You can wheel it where you want and even make the handles to fold down out of your way.

Now the question.I bought a set of yellow Keene pontoons today.They are used but were stored inside and have no cracks or crazing.Would I be wize to paint them a darker color to protect against sunlight?

LipCa
01-12-2013, 07:10 AM
My son made some plastic dredge boxes while in New Zealand dredging with TrevNZ. When he got home here in N. Ca. he got a plastic welder and made a highbanker out of ABS. It welded up very good.
He's in Nome now. Maybe he'll pop in and comment.

overtheedge
01-12-2013, 11:00 AM
... check out the largest plastic tub wheelbarrow kit with the dual wheels.

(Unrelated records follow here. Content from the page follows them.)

Lemma sumR_head_lower q m T (an : nat -> R) : 0 < q < 1 -> (m <= T)%nat -> (1 <= T)%nat ->
  (forall n, (n < T)%nat -> an n = if Nat.leb m (S n) then q ^ S n / 2 else 0) ->
  q ^ S m / 2 <= sumR an T.
Proof.
  intros Hq HmT HT Han; eapply Rle_trans; [|apply (sumR_term_le an T (m - 1))].
  - rewrite Han by lia; destruct (Nat.leb_spec m (S (m - 1))); [|lia].
    apply Rmult_le_compat_r; [lra | apply pow_antimono; lra || lia].
  - intros n Hn; rewrite Han by auto.
    destruct (Nat.leb m (S n)); [pose proof (pow_le q (S n)) |]; lra.
  - lia.
Qed.

Lemma geometric_tail_small q m j t : 0 < q < 1 -> (m <= j)%nat -> q ^ t < (1 - q) / 8 ->
  2 * q * q ^ (j + S t) / (1 - q) <= q ^ S m / 4.
Proof.
  intros Hq Hmj Ht.
  pose proof (pow_antimono q m j ltac:(lra) Hmj); pose proof (pow_le q t ltac:(lra)).
  pose proof (pow_le q j ltac:(lra)); pose proof (pow_le q (S m) ltac:(lra)).
  assert (q ^ j * q ^ t <= q ^ m * ((1 - q) / 8)) by nra.
  assert (HT : q ^ (j + S t) <= q ^ S m * ((1 - q) / 8))
    by (rewrite pow_add, <- !tech_pow_Rmult; nra).
  apply Rle_trans with (2 * q * (q ^ S m * ((1 - q) / 8)) / (1 - q)).
  - unfold Rdiv; apply Rmult_le_compat_r; [left; apply Rinv_0_lt_compat; lra|].
    apply Rmult_le_compat_l; lra.
  - replace (2 * q * (q ^ S m * ((1 - q) / 8)) / (1 - q)) with (q * q ^ S m / 4) by (field; lra).
    nra.
Qed.

(* The lower bound is attained at the grid point of level [level b j k] in the window,
   with a step [h] so small that every term up to index [T] contributes [q^(n+1)/2 >= 0]
   while the remaining tail is negligible. *)
Lemma delta2_levy_lower b a j k : (2 <= b)%nat -> 0 < a ->
  exists x h, in_window b j k x /\ in_window b j k (x + 2 * h) /\
    decay b a ^ S (level b j k) / 4 <= Rabs (delta2 (levy b a) x h).
Proof.
  intros Hb Ha; pose proof (decay_bounds b a Hb Ha) as Hq.
  destruct (level_spec b j k ltac:(lia)) as (Hm & Hmj & Hbelow).
  set (q := decay b a) in *; set (m := level b j k) in *.
  destruct (pow_lt_1_zero q ltac:(rewrite Rabs_pos_eq; lra) ((1 - q) / 8) ltac:(lra))
    as [t Ht].
  specialize (Ht t (le_n t)); rewrite Rabs_pos_eq in Ht by (apply pow_le; lra).
  set (T := (j + S t)%nat).
  destruct (near_grid_point b j k m ltac:(lia) Hmj Hm) as [N HN].
  pose proof (INR_pow_pos b j ltac:(lia)) as HBj.
  set (x := IZR N / INR b ^ m) in *; set (h := / (4 * INR b ^ T)).
  assert (Hh0 : 0 < h)
    by (unfold h; apply Rinv_0_lt_compat; pose proof (INR_pow_pos b T ltac:(lia)); lra).
  assert (Hh : forall n, (n <= T)%nat -> INR b ^ n * h <= / 4)
    by (intros; apply step_scaled_le; lia).
  assert (Hx : in_window b j k x /\ in_window b j k (x + 2 * h)).
  { assert (2 * h < / INR b ^ j).
    { apply (Rmult_lt_reg_l (INR b ^ j)); auto; rewrite Rinv_r by lra.
      specialize (Hh j ltac:(unfold T; lia)); lra. }
    assert ((IZR k + 2) / INR b ^ j = (IZR k + 1) / INR b ^ j + / INR b ^ j) by (field; lra).
    unfold in_window; lra. }
  exists x, h; split; [apply Hx | split; [apply Hx|]].
  rewrite levy_delta2 by auto; fold q.
  set (an := fun n => delta2 saw (INR b ^ S n * x) (INR b ^ S n * h) * q ^ S n).
  assert (Han : forall n, Rabs (an n) <= 2 * q * q ^ n) by (intros; now apply levy_term_abs_le).
  assert (Hhead : forall n, (n < T)%nat -> an n = if Nat.leb m (S n) then q ^ S n / 2 else 0).
  { intros n Hn; unfold an; destruct (Nat.leb_spec m (S n)).
    - specialize (Hh (S n) ltac:(lia)).
      unfold x; rewrite delta2_saw_grid_point by (auto; lia || lra); field.
    - rewrite (delta2_saw_below_level b j k (S n)); [ring | lia | lia | apply Hbelow; lia | |];
        apply Hx. }
  rewrite (Series_split an T) by (apply (ex_series_geom_dominated _ (2 * q) q); [lra | auto]).
  pose proof (sumR_head_lower q m T an Hq ltac:(unfold T; lia) ltac:(unfold T; lia) Hhead).
  pose proof (Series_tail_abs_le an (2 * q) q T ltac:(lra) Han) as Htail.
  pose proof (geometric_tail_small q m j t Hq Hmj Ht) as Hsmall; fold T in Hsmall.
  apply Rabs_le_between in Htail; eapply Rle_trans; [|apply Rle_abs]; lra.
Qed.

Lemma Lub_Rbar_between (E : R -> Prop) lo hi :
  (exists z, E z /\ lo <= z) -> (forall z, E z -> z <= hi) -> lo <= real (Lub_Rbar E) <= hi.
Proof.
  intros [z [Ez Hz]] Hhi; destruct (Lub_Rbar_correct E) as [Hub Hleast].
  assert (H1 : Rbar_le z (Lub_Rbar E)) by (apply Hub; auto).
  assert (H2 : Rbar_le (Lub_Rbar E) hi) by (apply Hleast; intros w Hw; apply Hhi; auto).
  destruct (Lub_Rbar E); simpl in *; try contradiction; lra.
Qed.

Lemma in3lambda_window b j k x : in3lambda b j k x <-> in_window b j (Z.of_nat k) x.
Proof. unfold in3lambda, in_window; now rewrite <- INR_IZR_INZ. Qed.

Lemma osc_levy_bounds b a j k : (2 <= b)%nat -> 0 < a ->
  decay b a ^ S (level b j (Z.of_nat k)) / 4 <= osc (levy b a) b j k
  <= 2 * decay b a ^ level b j (Z.of_nat k) / (1 - decay b a).
Proof.
  intros Hb Ha; apply Lub_Rbar_between.
  - destruct (delta2_levy_lower b a j (Z.of_nat k) Hb Ha) as (x & h & Hx & Hx2 & Hlow).
    exists (Rabs (delta2 (levy b a) x h)); split; auto.
    exists x, h; now rewrite !in3lambda_window.
  - intros z (x & h & Hx & Hx2 & ->); rewrite in3lambda_window in Hx, Hx2.
    now apply delta2_levy_upper.
Qed.

(* A shift by [c b^-j] moves the window [k] onto the window [k - c]. *)
Lemma osc_levy_shift_bounds b a j k c : (2 <= b)%nat -> 0 < a ->
  decay b a ^ S (level b j (Z.of_nat k - c)) / 4
  <= osc (levy_shift b a (IZR c / INR b ^ j)) b j k
  <= 2 * decay b a ^ level b j (Z.of_nat k - c) / (1 - decay b a).
Proof.
  intros Hb Ha; set (y := IZR c / INR b ^ j).
  assert (Hwin : forall x, in3lambda b j k x <-> in_window b j (Z.of_nat k - c) (x - y)).
  { intros x; rewrite in3lambda_window; unfold in_window, y; rewrite minus_IZR.
    pose proof (INR_pow_pos b j ltac:(lia)).
    replace ((IZR (Z.of_nat k) - IZR c - 1) / INR b ^ j)
      with ((IZR (Z.of_nat k) - 1) / INR b ^ j - IZR c / INR b ^ j) by (field; lra).
    replace ((IZR (Z.of_nat k) - IZR c + 2) / INR b ^ j)
      with ((IZR (Z.of_nat k) + 2) / INR b ^ j - IZR c / INR b ^ j) by (field; lra).
    lra. }
  assert (Hdelta : forall x h, delta2 (levy_shift b a y) x h = delta2 (levy b a) (x - y) h).
  { intros x h; unfold delta2, levy_shift.
    replace (x + 2 * h - y) with (x - y + 2 * h) by ring.
    now replace (x + h - y) with (x - y + h) by ring. }
  apply Lub_Rbar_between.
  - destruct (delta2_levy_lower b a j (Z.of_nat k - c) Hb Ha) as (x & h & Hx & Hx2 & Hlow).
    exists (Rabs (delta2 (levy b a) x h)); split; auto.
    exists (x + y), h; rewrite !Hwin, Hdelta.
    replace (x + y - y) with x by ring.
    now replace (x + y + 2 * h - y) with (x + 2 * h) by ring.
  - intros z (x & h & Hx & Hx2 & ->); rewrite Hwin in Hx, Hx2; rewrite Hdelta.
    apply delta2_levy_upper; auto.
    now replace (x - y + 2 * h) with (x + 2 * h - y) by ring.
Qed.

Thank you peluk. So many ideas just pounced on me.
eric

peluk
01-12-2013, 03:05 PM
There are so many different plastic formulas for containers,I generally look for those closest to Tupperware in performance.That's a product that's resilient and durable.The Coleman canoe was similar in performance but I noted it expanded in the Sun's heat.Not a big deal for us because cool water brings it back in shape.
I look for plastic trash barrels,and waste baskets but I've also salvaged cracked mortar tubs.This is why. The head end of the highbanker's lower sluice creates too abrupt a change in flow from the upper hopper floor.This makes for bubbles at the very least and negates any laminar flow action that may have developed. The answer is this....

Look for a radiused section in any container that will fit nicely into that top end of the lower sluice. I have a plastic section in every small cleanup sluice and every highbanker I own,at that location in the flow.

Another is this. I make a slick section to tuck under the plactic section and run it up the walls on either side of the sluice.The mats that follow tuck in under it and they also ride up the walls.This ensures the material and flow does not get under the
mats. The transition from hopper bed to lower sluice is smooth and more conducive to quick separation and laminar flow development.

Cleanup is a breeze and recovery is assisted to the maximum.

LipCa,any visit with your son is a trip.He's a gogetter.